Problem requirements: Extract from the entries below, exactly as given, only the lines from the line containing "let G_LL := su_dot XL XL in" to the line containing "move=> F_neq0 XL", both lines included.

Record extracts:
* * * * * * *

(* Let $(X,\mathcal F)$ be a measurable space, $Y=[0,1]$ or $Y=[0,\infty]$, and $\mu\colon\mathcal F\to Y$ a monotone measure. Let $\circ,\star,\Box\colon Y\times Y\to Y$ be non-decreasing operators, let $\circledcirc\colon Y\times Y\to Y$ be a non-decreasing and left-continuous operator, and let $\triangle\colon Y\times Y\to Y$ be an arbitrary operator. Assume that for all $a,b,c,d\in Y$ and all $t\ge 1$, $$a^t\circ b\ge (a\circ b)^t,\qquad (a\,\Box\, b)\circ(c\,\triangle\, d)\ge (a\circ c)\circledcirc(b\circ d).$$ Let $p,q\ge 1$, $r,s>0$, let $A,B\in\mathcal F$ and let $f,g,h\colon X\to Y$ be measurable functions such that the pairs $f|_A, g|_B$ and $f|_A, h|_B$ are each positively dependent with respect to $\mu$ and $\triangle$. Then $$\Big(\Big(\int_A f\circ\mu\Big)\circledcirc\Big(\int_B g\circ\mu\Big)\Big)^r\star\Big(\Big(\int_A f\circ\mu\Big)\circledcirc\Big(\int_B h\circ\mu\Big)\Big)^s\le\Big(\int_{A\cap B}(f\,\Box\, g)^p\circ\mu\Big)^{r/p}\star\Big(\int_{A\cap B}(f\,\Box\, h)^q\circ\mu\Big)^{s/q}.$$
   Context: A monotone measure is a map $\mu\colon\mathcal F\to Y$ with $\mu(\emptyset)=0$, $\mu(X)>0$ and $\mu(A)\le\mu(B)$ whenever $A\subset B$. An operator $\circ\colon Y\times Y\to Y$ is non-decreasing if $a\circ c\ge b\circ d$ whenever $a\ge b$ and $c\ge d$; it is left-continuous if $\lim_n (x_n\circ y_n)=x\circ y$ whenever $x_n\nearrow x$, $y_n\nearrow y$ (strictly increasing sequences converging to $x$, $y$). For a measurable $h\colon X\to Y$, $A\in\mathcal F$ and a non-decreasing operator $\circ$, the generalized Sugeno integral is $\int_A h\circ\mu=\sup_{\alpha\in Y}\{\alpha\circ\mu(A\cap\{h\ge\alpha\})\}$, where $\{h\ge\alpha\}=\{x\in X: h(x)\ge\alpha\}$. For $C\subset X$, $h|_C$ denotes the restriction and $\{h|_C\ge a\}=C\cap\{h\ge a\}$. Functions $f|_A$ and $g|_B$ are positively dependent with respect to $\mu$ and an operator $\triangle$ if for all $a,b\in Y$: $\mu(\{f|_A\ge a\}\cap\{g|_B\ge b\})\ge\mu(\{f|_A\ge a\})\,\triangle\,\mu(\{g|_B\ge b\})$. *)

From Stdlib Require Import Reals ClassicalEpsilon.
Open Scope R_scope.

* * * * * * *

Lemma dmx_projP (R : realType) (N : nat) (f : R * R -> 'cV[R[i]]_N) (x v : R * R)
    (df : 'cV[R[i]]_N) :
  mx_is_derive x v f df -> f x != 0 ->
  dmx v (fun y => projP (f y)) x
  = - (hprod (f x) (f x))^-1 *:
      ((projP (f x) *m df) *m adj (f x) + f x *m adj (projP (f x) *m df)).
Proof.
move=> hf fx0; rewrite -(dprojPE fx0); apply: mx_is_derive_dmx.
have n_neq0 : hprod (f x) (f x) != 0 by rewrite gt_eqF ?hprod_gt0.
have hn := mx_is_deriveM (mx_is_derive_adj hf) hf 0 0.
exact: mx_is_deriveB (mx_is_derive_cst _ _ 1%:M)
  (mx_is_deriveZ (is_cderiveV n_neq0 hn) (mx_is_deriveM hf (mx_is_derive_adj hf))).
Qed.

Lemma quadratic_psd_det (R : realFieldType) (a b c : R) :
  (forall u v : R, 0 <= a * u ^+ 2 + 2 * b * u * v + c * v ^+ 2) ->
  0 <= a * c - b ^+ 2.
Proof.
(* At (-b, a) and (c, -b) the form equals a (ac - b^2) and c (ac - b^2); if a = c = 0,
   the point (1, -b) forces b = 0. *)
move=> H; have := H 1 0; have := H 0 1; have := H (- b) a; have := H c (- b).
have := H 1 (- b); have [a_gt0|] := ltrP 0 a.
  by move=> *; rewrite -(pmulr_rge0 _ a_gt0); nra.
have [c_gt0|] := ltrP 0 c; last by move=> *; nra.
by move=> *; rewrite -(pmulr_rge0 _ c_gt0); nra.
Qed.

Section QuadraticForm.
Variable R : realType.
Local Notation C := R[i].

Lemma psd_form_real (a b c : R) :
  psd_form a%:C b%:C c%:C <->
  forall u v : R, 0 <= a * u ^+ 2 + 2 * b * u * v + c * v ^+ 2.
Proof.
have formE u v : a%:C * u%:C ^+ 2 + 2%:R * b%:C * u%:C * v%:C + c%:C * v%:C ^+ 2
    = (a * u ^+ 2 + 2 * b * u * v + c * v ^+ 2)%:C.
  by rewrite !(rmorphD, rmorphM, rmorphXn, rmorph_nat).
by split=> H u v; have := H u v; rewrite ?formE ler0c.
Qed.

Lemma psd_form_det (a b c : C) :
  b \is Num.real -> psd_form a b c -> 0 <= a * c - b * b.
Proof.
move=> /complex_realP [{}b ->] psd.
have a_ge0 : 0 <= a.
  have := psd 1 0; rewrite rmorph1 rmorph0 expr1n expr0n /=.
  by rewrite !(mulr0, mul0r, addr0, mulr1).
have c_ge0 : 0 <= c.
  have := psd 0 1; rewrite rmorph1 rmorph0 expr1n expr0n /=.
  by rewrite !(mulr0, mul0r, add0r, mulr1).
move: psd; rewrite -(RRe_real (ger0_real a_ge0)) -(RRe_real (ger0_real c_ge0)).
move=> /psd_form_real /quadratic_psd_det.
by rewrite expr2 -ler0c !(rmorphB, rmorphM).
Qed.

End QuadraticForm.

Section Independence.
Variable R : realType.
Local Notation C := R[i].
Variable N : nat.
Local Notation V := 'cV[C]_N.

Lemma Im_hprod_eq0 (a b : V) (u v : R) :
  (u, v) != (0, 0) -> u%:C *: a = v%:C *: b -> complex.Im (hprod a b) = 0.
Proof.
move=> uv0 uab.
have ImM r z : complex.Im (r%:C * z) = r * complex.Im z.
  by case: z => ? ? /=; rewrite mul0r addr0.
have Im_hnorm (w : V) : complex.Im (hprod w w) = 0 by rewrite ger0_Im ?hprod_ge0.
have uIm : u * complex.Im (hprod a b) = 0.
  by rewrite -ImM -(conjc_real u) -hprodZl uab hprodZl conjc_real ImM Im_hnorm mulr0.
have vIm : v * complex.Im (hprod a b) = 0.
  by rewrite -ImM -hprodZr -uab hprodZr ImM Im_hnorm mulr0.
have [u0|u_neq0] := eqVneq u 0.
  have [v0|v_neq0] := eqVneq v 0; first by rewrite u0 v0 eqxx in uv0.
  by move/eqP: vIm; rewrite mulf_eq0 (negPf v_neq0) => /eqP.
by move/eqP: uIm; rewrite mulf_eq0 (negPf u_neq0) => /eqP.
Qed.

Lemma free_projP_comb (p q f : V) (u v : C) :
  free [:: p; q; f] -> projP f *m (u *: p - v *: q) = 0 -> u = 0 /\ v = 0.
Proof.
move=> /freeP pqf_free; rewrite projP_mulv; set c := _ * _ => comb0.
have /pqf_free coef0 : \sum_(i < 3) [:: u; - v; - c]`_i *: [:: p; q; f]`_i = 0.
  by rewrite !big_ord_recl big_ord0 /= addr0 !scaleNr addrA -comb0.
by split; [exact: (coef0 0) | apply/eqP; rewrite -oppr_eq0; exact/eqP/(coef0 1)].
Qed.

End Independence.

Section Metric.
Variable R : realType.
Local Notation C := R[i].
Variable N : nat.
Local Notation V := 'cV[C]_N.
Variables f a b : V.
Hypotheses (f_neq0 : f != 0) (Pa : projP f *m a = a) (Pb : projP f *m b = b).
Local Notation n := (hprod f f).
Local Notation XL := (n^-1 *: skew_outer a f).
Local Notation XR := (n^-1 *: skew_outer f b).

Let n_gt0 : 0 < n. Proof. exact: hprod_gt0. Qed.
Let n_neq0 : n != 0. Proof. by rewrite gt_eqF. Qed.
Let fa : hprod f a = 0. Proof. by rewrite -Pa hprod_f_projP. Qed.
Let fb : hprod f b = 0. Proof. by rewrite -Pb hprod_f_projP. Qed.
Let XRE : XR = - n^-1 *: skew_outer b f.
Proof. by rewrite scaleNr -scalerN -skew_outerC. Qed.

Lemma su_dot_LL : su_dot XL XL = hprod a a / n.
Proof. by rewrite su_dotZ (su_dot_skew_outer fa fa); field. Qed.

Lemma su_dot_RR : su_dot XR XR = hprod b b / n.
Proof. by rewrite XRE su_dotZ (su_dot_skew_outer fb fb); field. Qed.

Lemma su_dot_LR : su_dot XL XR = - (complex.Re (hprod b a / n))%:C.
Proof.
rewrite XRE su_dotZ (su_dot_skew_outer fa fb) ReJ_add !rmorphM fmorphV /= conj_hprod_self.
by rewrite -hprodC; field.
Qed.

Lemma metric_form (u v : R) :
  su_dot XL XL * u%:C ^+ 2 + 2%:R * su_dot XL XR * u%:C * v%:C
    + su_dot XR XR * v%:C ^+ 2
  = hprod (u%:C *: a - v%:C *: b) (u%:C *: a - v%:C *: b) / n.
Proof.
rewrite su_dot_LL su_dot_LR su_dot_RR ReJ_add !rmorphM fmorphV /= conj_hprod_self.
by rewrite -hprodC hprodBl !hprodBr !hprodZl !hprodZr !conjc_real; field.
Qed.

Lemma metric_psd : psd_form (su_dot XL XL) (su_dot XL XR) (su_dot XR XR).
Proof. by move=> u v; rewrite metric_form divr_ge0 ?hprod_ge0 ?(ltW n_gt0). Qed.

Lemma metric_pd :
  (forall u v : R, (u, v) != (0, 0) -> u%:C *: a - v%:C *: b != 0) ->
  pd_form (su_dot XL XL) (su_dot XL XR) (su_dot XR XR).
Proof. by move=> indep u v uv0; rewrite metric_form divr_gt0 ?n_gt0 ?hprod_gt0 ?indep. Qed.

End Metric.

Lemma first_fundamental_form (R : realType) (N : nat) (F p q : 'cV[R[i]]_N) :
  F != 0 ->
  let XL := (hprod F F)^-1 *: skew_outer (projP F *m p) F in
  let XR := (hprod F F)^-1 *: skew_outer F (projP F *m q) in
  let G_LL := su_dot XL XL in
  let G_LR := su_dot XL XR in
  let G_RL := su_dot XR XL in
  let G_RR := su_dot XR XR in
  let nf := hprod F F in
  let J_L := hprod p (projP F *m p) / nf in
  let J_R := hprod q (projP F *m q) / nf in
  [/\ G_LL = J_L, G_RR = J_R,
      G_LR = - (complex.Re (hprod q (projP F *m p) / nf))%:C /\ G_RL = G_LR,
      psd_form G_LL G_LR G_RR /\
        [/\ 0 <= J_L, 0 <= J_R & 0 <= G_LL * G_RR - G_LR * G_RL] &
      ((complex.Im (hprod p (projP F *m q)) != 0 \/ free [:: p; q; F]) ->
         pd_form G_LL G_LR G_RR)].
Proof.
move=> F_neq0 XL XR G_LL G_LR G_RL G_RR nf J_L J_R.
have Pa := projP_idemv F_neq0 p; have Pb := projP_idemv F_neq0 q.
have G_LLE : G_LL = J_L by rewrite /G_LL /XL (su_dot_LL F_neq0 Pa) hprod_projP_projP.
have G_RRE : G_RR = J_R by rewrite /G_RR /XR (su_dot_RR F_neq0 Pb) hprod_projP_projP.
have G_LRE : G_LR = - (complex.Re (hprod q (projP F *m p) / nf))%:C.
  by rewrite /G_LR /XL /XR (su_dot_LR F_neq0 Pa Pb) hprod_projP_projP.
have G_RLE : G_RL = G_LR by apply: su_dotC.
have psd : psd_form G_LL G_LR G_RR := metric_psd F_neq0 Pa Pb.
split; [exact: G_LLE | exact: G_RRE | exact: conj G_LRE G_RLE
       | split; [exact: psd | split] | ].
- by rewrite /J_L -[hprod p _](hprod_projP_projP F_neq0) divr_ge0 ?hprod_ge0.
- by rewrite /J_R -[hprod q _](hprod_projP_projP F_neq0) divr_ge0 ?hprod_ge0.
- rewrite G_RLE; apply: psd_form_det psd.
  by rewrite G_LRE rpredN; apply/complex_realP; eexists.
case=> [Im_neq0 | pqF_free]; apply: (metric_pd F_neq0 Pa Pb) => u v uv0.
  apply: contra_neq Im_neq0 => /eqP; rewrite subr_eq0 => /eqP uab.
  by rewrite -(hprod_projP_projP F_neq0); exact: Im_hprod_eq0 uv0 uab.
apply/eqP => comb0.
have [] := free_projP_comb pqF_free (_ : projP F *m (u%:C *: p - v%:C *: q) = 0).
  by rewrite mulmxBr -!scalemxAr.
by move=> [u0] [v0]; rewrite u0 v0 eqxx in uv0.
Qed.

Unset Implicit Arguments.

* * * * * * *

Result of this exercise:
  let G_LL := su_dot XL XL in
  let G_LR := su_dot XL XR in
  let G_RL := su_dot XR XL in
  let G_RR := su_dot XR XR in
  let nf := hprod F F in
  let J_L := hprod p (projP F *m p) / nf in
  let J_R := hprod q (projP F *m q) / nf in
  [/\ G_LL = J_L, G_RR = J_R,
      G_LR = - (complex.Re (hprod q (projP F *m p) / nf))%:C /\ G_RL = G_LR,
      psd_form G_LL G_LR G_RR /\
        [/\ 0 <= J_L, 0 <= J_R & 0 <= G_LL * G_RR - G_LR * G_RL] &
      ((complex.Im (hprod p (projP F *m q)) != 0 \/ free [:: p; q; F]) ->
         pd_form G_LL G_LR G_RR)].
Proof.
move=> F_neq0 XL XR G_LL G_LR G_RL G_RR nf J_L J_R.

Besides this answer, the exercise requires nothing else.